The Fighting Shepherdess - Page 201/231

Her experience with the night clerk came to mind and her frown at the recollection of his insolence changed to a puzzled look as she thought of her retort. Whatever had prompted her to make the empty boast that he would know her before she left Omaha? It was as unlike her as anything she could imagine, but it had seemed to say itself.

She had a subconscious feeling that there was still something else of which she wished to think before getting up, and as she searched her mind it flashed upon her--the stranger who had bumped into her in the dark. Of course, that was it! She heard his pleasant voice plainly and saw his face with great distinctness as revealed by the brakeman's light. While she recalled his features individually--his eyes, his mouth, his chin, and the meaning they conveyed, his manner with its mixture of friendliness and reserve, she mechanically rubbed her forehead with her finger tips as though the action might assist in catching some elusive memory that was just beyond her reach. Her brows knit in perplexity and she murmured finally: "He didn't seem a stranger, somehow--and yet--he was, of course. It would not be possible for me ever to forget a man like that. It seemed as if--" there was bewilderment in her face as she laid her hand upon her heart--"as if, somehow, I knew him here."

Kate's belief that no better sheep of their class than hers would be found in the stockyards was justified by subsequent events. Her shipment not only "topped the market," but she received for her yearling lambs fourteen dollars and sixty-five cents a head--the highest paid since the Civil War. This high rate was due not only to European disturbances, but to the quality and condition of the sheep; and, therefore, apart from the attention which she naturally would have attracted, she was, as the owner, an object of interest in the yards as well as in the stock exchange offices and the bank.
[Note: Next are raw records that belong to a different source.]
(* Let $q\ge2$, let $U_1,\dots,U_q\in U(q)$ be arbitrary and let $D=\sum_{j=1}^q|j\rangle\langle j|\otimes U_j$ (the block-diagonal unitary $\bigoplus_j U_j$). Then $SD$ and $DS$ are dual-unitary, and $$\mathcal{M}_+^{DS}(a)_{jk}=\frac1q\operatorname{tr}(U_j^\dagger U_k)\,a_{jk}\quad(1\le j,k\le q),\qquad \mathcal{M}_+^{SD}(a)=\frac1q\sum_{j=1}^q U_j^\dagger a\,U_j .$$ In particular the eigenvalues of $\mathcal{M}_+^{DS}$ are the $q^2$ numbers $\frac1q\operatorname{tr}(U_j^\dagger U_k)$, $1\le j,k\le q$; at least $q$ of them equal $1$, and if the $U_j$ are pairwise orthogonal in the Hilbert–Schmidt inner product then all the others are $0$.
   Context: Product basis $|i\alpha\rangle$ of $\mathbb{C}^q\otimes\mathbb{C}^q$; realignment $\langle\beta\alpha|X^{R_1}|ji\rangle=\langle i\alpha|X|j\beta\rangle$; a unitary $U$ is dual-unitary if $U^{R_1}$ is unitary. $S$ is the swap operator. For unitary $U$, $\mathcal{M}_+^U(a)=\frac1q\operatorname{tr}_1[U^\dagger(a\otimes I)U]$ for $q\times q$ matrices $a$, where $\operatorname{tr}_1$ is the partial trace over the first factor. *)

(* Complex scalars: an arbitrary numClosedFieldType C
   (e.g. algC, or complex R for a real closed field R). *)
From HB Require Import structures.
From mathcomp Require Import all_boot all_order all_algebra.
From mathcomp Require Import sesquilinear spectral.
Set Implicit Arguments. Unset Strict Implicit. Unset Printing Implicit Defensive.
Import Order.TTheory GRing.Theory Num.Theory.
Local Open Scope ring_scope.
Local Open Scope sesquilinear_scope.

Section Defs.
Variables (C : numClosedFieldType) (q : nat).

(* product basis vector |i alpha> of C^q (x) C^q : index i*q + alpha *)
Definition kidx (i a : 'I_q) : 'I_(q * q) := mxvec_index i a.

Definition realign (X : 'M[C]_(q * q)) : 'M[C]_(q * q) :=
  \sum_(i < q) \sum_(a < q) \sum_(j < q) \sum_(b < q)
     X (kidx i a) (kidx j b) *: delta_mx (kidx b a) (kidx j i).

Definition dual_unitary (U : 'M[C]_(q * q)) : Prop :=
  U \is unitarymx /\ realign U \is unitarymx.

Definition swapmx : 'M[C]_(q * q) :=
  \sum_(i < q) \sum_(a < q) delta_mx (kidx a i) (kidx i a).

Definition tens_id (x : 'M[C]_q) : 'M[C]_(q * q) :=
  \sum_(i < q) \sum_(j < q) \sum_(a < q) x i j *: delta_mx (kidx i a) (kidx j a).

Definition ptrace1 (X : 'M[C]_(q * q)) : 'M[C]_q :=
  \matrix_(a < q, b < q) \sum_(i < q) X (kidx i a) (kidx i b).

Definition Mplus (U : 'M[C]_(q * q)) (x : 'M[C]_q) : 'M[C]_q :=
  q%:R^-1 *: ptrace1 (U ^t* *m tens_id x *m U).

Definition blockdiag (Us : 'I_q -> 'M[C]_q) : 'M[C]_(q * q) :=
  \sum_(j < q) \sum_(a < q) \sum_(b < q)
     Us j a b *: delta_mx (kidx j a) (kidx j b).

End Defs.

From HB Require Import structures.
From mathcomp Require Import all_boot all_order all_algebra.
From mathcomp Require Import sesquilinear spectral.
Import Order.TTheory GRing.Theory Num.Theory.
Local Open Scope ring_scope.
Local Open Scope sesquilinear_scope.

(* Everything follows from the entries in the product basis:
   <m c|DS|n d> = [d = m] (U_m)_{cn} and <m c|SD|n d> = [c = n] (U_c)_{md}.
   The first is invariant under realignment, and realigning SD gives S D'
   with D' built from the transposed blocks U_j^T, so both SD and DS are
   dual-unitary as products of unitaries.  The same entries give the two
   formulas for M_+; in particular M_+^{DS} is diagonal in the basis of
   matrix units, with eigenvalue lam_{jk} on E_{jk}, and
   lam_{jj} = tr(U_j^dagger U_j)/q = 1. *)

Section MxvecIndex.
Variables m n : nat.

Lemma eq_mxvec_index (i i' : 'I_m) (j j' : 'I_n) :
  (mxvec_index i j == mxvec_index i' j') = (i == i') && (j == j').
Proof.
by rewrite (inj_eq (@cast_ord_inj _ _ _)) (inj_eq enum_rank_inj) xpair_eqE.
Qed.

Lemma big_mxvec_index (R : Type) (idx : R) (op : Monoid.com_law idx)
    (F : 'I_(m * n) -> R) :
  \big[op/idx]_k F k = \big[op/idx]_i \big[op/idx]_j F (mxvec_index i j).
Proof.
rewrite (reindex _ (curry_mxvec_bij _ _)) /= pair_big /=.
by apply: eq_bigr => -[i j].
Qed.

Lemma lin_mx_mxvec_indexE (R : pzRingType) (f : 'M[R]_(m, n) -> 'M[R]_(m, n))
    (i i' : 'I_m) (j j' : 'I_n) :
  lin_mx f (mxvec_index i j) (mxvec_index i' j') = f (delta_mx i j) i' j'.
Proof. by rewrite mxE /= vec_mx_delta mxvecE. Qed.

Lemma char_poly_lin_mx_entrywise (R : comNzRingType)
    (f : 'M[R]_(m, n) -> 'M[R]_(m, n)) (lam : 'I_m -> 'I_n -> R) :
  (forall a i j, f a i j = lam i j * a i j) ->
  char_poly (lin_mx f) = \prod_i \prod_j ('X - (lam i j)%:P).
Proof.
move=> fE; rewrite char_poly_trig; last first.
  apply/is_trig_mxP => u v lt_uv; have : u != v by rewrite neq_ltn lt_uv.
  case/mxvec_indexP: u {lt_uv} => i j; case/mxvec_indexP: v => i' j'.
  rewrite eq_mxvec_index negb_and lin_mx_mxvec_indexE fE mxE.
  by case/orP=> /negbTE neq; rewrite (eq_sym i') (eq_sym j') neq ?andbF mulr0.
rewrite big_mxvec_index; apply: eq_bigr => i _; apply: eq_bigr => j _.
by rewrite lin_mx_mxvec_indexE fE mxE !eqxx mulr1.
Qed.

End MxvecIndex.

Section NestedSums.
Variables (R : nmodType) (m n : nat).

Lemma summx2E (I J : finType) (F : I -> J -> 'M[R]_(m, n)) u v :
  (\sum_i \sum_j F i j) u v = \sum_i \sum_j F i j u v.
Proof. by rewrite summxE; apply: eq_bigr => i _; rewrite summxE. Qed.

Lemma summx3E (I J K : finType) (F : I -> J -> K -> 'M[R]_(m, n)) u v :
  (\sum_i \sum_j \sum_k F i j k) u v = \sum_i \sum_j \sum_k F i j k u v.
Proof. by rewrite summxE; apply: eq_bigr => i _; rewrite summx2E. Qed.

Lemma summx4E (I J K L : finType) (F : I -> J -> K -> L -> 'M[R]_(m, n)) u v :
  (\sum_i \sum_j \sum_k \sum_l F i j k l) u v
  = \sum_i \sum_j \sum_k \sum_l F i j k l u v.
Proof. by rewrite summxE; apply: eq_bigr => i _; rewrite summx3E. Qed.

End NestedSums.

Lemma mxtrace_adjmul_unitary (C : numClosedFieldType) n (U : 'M[C]_n) :
  U \is unitarymx -> \tr (U ^t* *m U) = n%:R.
Proof. by move=> Uu; rewrite -[U ^t*]mul1mx mulmxKtV // mxtrace1. Qed.

Lemma leq_card_diag (T : finType) (P : pred (T * T)) :
  (forall t, P (t, t)) -> (#|T| <= #|[set p | P p]|)%N.
Proof.
move=> Pdiag; have diag_inj : injective (fun t : T => (t, t)) by move=> ? ? [].
rewrite -cardsT -(card_imset _ diag_inj).
by apply: subset_leq_card; apply/subsetP => _ /imsetP[t _ ->]; rewrite inE.
Qed.

Section TensorEntries.
Variables (C : numClosedFieldType) (q : nat).
Implicit Types (Us : 'I_q -> 'M[C]_q) (x : 'M[C]_q) (X Y : 'M[C]_(q * q)).

Local Notation S := (swapmx C q).

Lemma eq_kidx (i a j b : 'I_q) : (kidx i a == kidx j b) = (i == j) && (a == b).
Proof. exact: eq_mxvec_index. Qed.

Lemma delta_kidxE (i a j b u v w z : 'I_q) :
  (delta_mx (kidx i a) (kidx j b) : 'M[C]_(q * q)) (kidx u v) (kidx w z)
  = ((u == i) && (v == a) && (w == j) && (z == b))%:R.
Proof. by rewrite mxE !eq_kidx !andbA. Qed.

Lemma mulmx_kidxE X Y (i a j b : 'I_q) :
  (X *m Y) (kidx i a) (kidx j b)
  = \sum_e \sum_f X (kidx i a) (kidx e f) * Y (kidx e f) (kidx j b).
Proof. by rewrite mxE big_mxvec_index. Qed.

(* [collapse_at v] keeps only the term [v] of the outermost sum: every other
   term contains a Kronecker factor comparing [v] with a distinct index. *)
Ltac vanish :=
  let y := fresh in let ne_y := fresh in let ne_y' := fresh in
  move=> y ne_y _; have ne_y' := ne_y; rewrite eq_sym in ne_y';
  repeat (apply: big1 => ? _);
  rewrite ?(negbTE ne_y) ?(negbTE ne_y') /= ?andbF ?andFb
          ?(mulr0, mul0r, conjC0, scale0r) //.
Ltac collapse_at v := rewrite (big_only1 v) //; last by vanish.

Lemma swapmxE (i a j b : 'I_q) :
  S (kidx i a) (kidx j b) = ((j == a) && (b == i))%:R.
Proof.
rewrite summx2E; under eq_bigr do under eq_bigr do rewrite delta_kidxE.
by collapse_at a; collapse_at i; rewrite !eqxx.
Qed.

Lemma tens_idE x (i a j b : 'I_q) :
  tens_id x (kidx i a) (kidx j b) = x i j * (b == a)%:R.
Proof.
rewrite summx3E.
under eq_bigr do under eq_bigr do under eq_bigr do rewrite mxE delta_kidxE.
by collapse_at i; collapse_at j; collapse_at a; rewrite !eqxx.
Qed.

Lemma blockdiagE Us (i a j b : 'I_q) :
  blockdiag Us (kidx i a) (kidx j b) = (i == j)%:R * Us i a b.
Proof.
rewrite summx3E.
under eq_bigr do under eq_bigr do under eq_bigr do rewrite mxE delta_kidxE.
have [<-|ne_ij] := eqVneq i j.
  by collapse_at i; collapse_at a; collapse_at b; rewrite !eqxx mulr1 mul1r.
rewrite mul0r; do 3!(apply: big1 => ? _).
by case: eqVneq => [<-|_]; rewrite /= ?(eq_sym j) ?(negbTE ne_ij) ?andbF mulr0.
Qed.

Lemma realignE X (i a j b : 'I_q) :
  realign X (kidx b a) (kidx j i) = X (kidx i a) (kidx j b).
Proof.
rewrite summx4E; under eq_bigr do under eq_bigr do under eq_bigr do
  under eq_bigr do rewrite mxE delta_kidxE.
by collapse_at i; collapse_at a; collapse_at j; collapse_at b; rewrite !eqxx mulr1.
Qed.

Lemma blockdiag_swapmxE Us (m c n d : 'I_q) :
  (blockdiag Us *m S) (kidx m c) (kidx n d) = (d == m)%:R * Us m c n.
Proof.
rewrite mulmx_kidxE.
under eq_bigr do under eq_bigr do rewrite blockdiagE swapmxE.
collapse_at m; collapse_at n; rewrite !eqxx mul1r.
by case: (d == m); rewrite /= ?mulr1 ?mulr0 ?mul1r ?mul0r.
Qed.

Lemma swapmx_blockdiagE Us (m c n d : 'I_q) :
  (S *m blockdiag Us) (kidx m c) (kidx n d) = (c == n)%:R * Us c m d.
Proof.
rewrite mulmx_kidxE.
under eq_bigr do under eq_bigr do rewrite blockdiagE swapmxE.
by collapse_at c; collapse_at m; rewrite !eqxx mul1r.
Qed.

Lemma swapmx_unitary : S \is unitarymx.
Proof.
apply/unitarymxP/matrixP => u v.
case/mxvec_indexP: u => i a; case/mxvec_indexP: v => j b.
rewrite mulmx_kidxE; under eq_bigr do under eq_bigr do rewrite !mxE !swapmxE.
collapse_at a; collapse_at i.
by rewrite !mxE eq_kidx !eqxx mul1r conjC_nat andbC.
Qed.

Lemma blockdiag_unitary Us :
  (forall j, Us j \is unitarymx) -> blockdiag Us \is unitarymx.
Proof.
move=> Uu; apply/unitarymxP/matrixP => u v.
case/mxvec_indexP: u => i a; case/mxvec_indexP: v => j b.
rewrite mulmx_kidxE; under eq_bigr do under eq_bigr do rewrite !mxE !blockdiagE.
collapse_at i; rewrite !mxE eq_kidx eqxx.
have [<-|ne_ij] := eqVneq i j.
  have /unitarymxP/matrixP/(_ a b) := Uu i; rewrite !mxE => <-.
  by apply: eq_bigr => f _; rewrite !mxE !mul1r.
by apply: big1 => f _; rewrite mul0r conjC0 mulr0.
Qed.

Lemma realign_swapmx_blockdiag Us :
  realign (S *m blockdiag Us) = S *m blockdiag (fun j => (Us j)^T).
Proof.
apply/matrixP => u v.
case/mxvec_indexP: u => b a; case/mxvec_indexP: v => j i.
rewrite realignE swapmx_blockdiagE mulmx_kidxE.
under eq_bigr do under eq_bigr do rewrite swapmxE blockdiagE.
by collapse_at a; collapse_at b; rewrite !eqxx mxE mul1r.
Qed.

Lemma realign_blockdiag_swapmx Us :
  realign (blockdiag Us *m S) = blockdiag Us *m S.
Proof.
apply/matrixP => u v.
case/mxvec_indexP: u => b a; case/mxvec_indexP: v => j i.
by rewrite realignE !blockdiag_swapmxE; case: eqVneq => [->|]; rewrite ?mul0r.
Qed.

Lemma dual_unitary_swapmx_blockdiag Us :
  (forall j, Us j \is unitarymx) -> dual_unitary (S *m blockdiag Us).
Proof.
move=> Uu; rewrite /dual_unitary realign_swapmx_blockdiag.
by split; apply: mul_unitarymx; [exact: swapmx_unitary | exact: blockdiag_unitary
  | exact: swapmx_unitary | apply: blockdiag_unitary => j; rewrite trmx_unitary].
Qed.

Lemma dual_unitary_blockdiag_swapmx Us :
  (forall j, Us j \is unitarymx) -> dual_unitary (blockdiag Us *m S).
Proof.
move=> Uu; rewrite /dual_unitary realign_blockdiag_swapmx.
suff DSu : blockdiag Us *m S \is unitarymx by [].
by apply: mul_unitarymx; [exact: blockdiag_unitary | exact: swapmx_unitary].
Qed.

Lemma MplusE X x (al be : 'I_q) :
  Mplus X x al be = q%:R^-1 * \sum_i \sum_n \sum_d
    (\sum_m (X (kidx m d) (kidx i al))^* * x m n) * X (kidx n d) (kidx i be).
Proof.
rewrite !mxE; congr (_ * _); apply: eq_bigr => i _.
rewrite mulmx_kidxE; apply: eq_bigr => n _; apply: eq_bigr => d _.
rewrite mulmx_kidxE; congr (_ * _); apply: eq_bigr => m _.
under eq_bigr do rewrite !mxE tens_idE.
by collapse_at d; rewrite eqxx mulr1.
Qed.

Lemma Mplus_blockdiag_swapmx Us x (j k : 'I_q) :
  Mplus (blockdiag Us *m S) x j k = q%:R^-1 * \tr (Us j ^t* *m Us k) * x j k.
Proof.
rewrite MplusE -mulrA mulr_suml; congr (_ * _); apply: eq_bigr => i _.
rewrite !mxE mulr_suml.
under eq_bigr do under eq_bigr do rewrite blockdiag_swapmxE.
collapse_at k; apply: eq_bigr => d _; rewrite eqxx mul1r.
under eq_bigr do rewrite blockdiag_swapmxE.
by collapse_at j; rewrite eqxx !mxE mul1r mulrAC.
Qed.

Lemma Mplus_swapmx_blockdiag Us x :
  Mplus (S *m blockdiag Us) x = q%:R^-1 *: \sum_(j < q) (Us j ^t* *m x *m Us j).
Proof.
apply/matrixP => al be; rewrite MplusE mxE summxE; congr (_ * _).
apply: eq_bigr => i _; rewrite mxE; apply: eq_bigr => n _.
under eq_bigr do rewrite swapmx_blockdiagE.
collapse_at i; rewrite eqxx mul1r !mxE; congr (_ * _).
by apply: eq_bigr => m _; rewrite swapmx_blockdiagE eqxx mul1r !mxE.
Qed.

End TensorEntries.

Theorem mainTheorem6 (C : numClosedFieldType) (q : nat) (hq : (2 <= q)%N)
  (Us : 'I_q -> 'M[C]_q) (hU : forall j, Us j \is unitarymx) :
  let D := blockdiag Us in
  let S := swapmx C q in
  let lam := fun j k : 'I_q => q%:R^-1 * \tr (Us j ^t* *m Us k) in
  [/\ dual_unitary (S *m D), dual_unitary (D *m S),
      (forall (a : 'M[C]_q) (j k : 'I_q),
          Mplus (D *m S) a j k = lam j k * a j k),
      (forall a : 'M[C]_q,
          Mplus (S *m D) a = q%:R^-1 *: (\sum_(j < q) (Us j ^t* *m a *m Us j)))
    & [/\ char_poly (lin_mx (Mplus (D *m S))) =
          \prod_(j < q) \prod_(k < q) ('X - (lam j k)%:P),
        (q <= #|[set p : 'I_q * 'I_q | lam p.1 p.2 == 1%R]|)%N
      & ((forall j k : 'I_q, j != k -> \tr (Us j ^t* *m Us k) = 0) ->
        forall j k : 'I_q, j != k -> lam j k = 0)]].
Proof.
move=> D S lam.
have MplusDS a j k : Mplus (D *m S) a j k = lam j k * a j k.
  exact: Mplus_blockdiag_swapmx.
have lam_diag j : lam j j = 1.
  have q_neq0 : q%:R != 0 :> C by rewrite pnatr_eq0 -lt0n (leq_trans _ hq).
  by rewrite /lam mxtrace_adjmul_unitary // mulVf.
split.
- exact: dual_unitary_swapmx_blockdiag.
- exact: dual_unitary_blockdiag_swapmx.
- exact: MplusDS.
- exact: Mplus_swapmx_blockdiag.
split.
- exact: char_poly_lin_mx_entrywise.
- rewrite -[X in (X <= _)%N]card_ord.
  apply: (@leq_card_diag _ (fun p : 'I_q * 'I_q => lam p.1 p.2 == 1)) => j.
  by rewrite lam_diag.
- by move=> orth j k ne_jk; rewrite /lam orth // mulr0.
Qed.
Basking in the reflected sunshine of his employer's success, Bowers came as near strutting as was possible for one of his retiring temperament.

Kate was finding a new experience in her meeting with the members of the firm to which she had consigned her sheep, and others with whom her business brought her in contact about the crowded Exchange. These prosperous, clean-cut men, alert, incisive of speech and thought, were an unfamiliar type. Their undisguised approbation, their respect, their eagerness to be kind brought a new sensation to Kate, who had grown up and lived in an atmosphere of prejudice. There were moments when the tears were absurdly close to her eyes.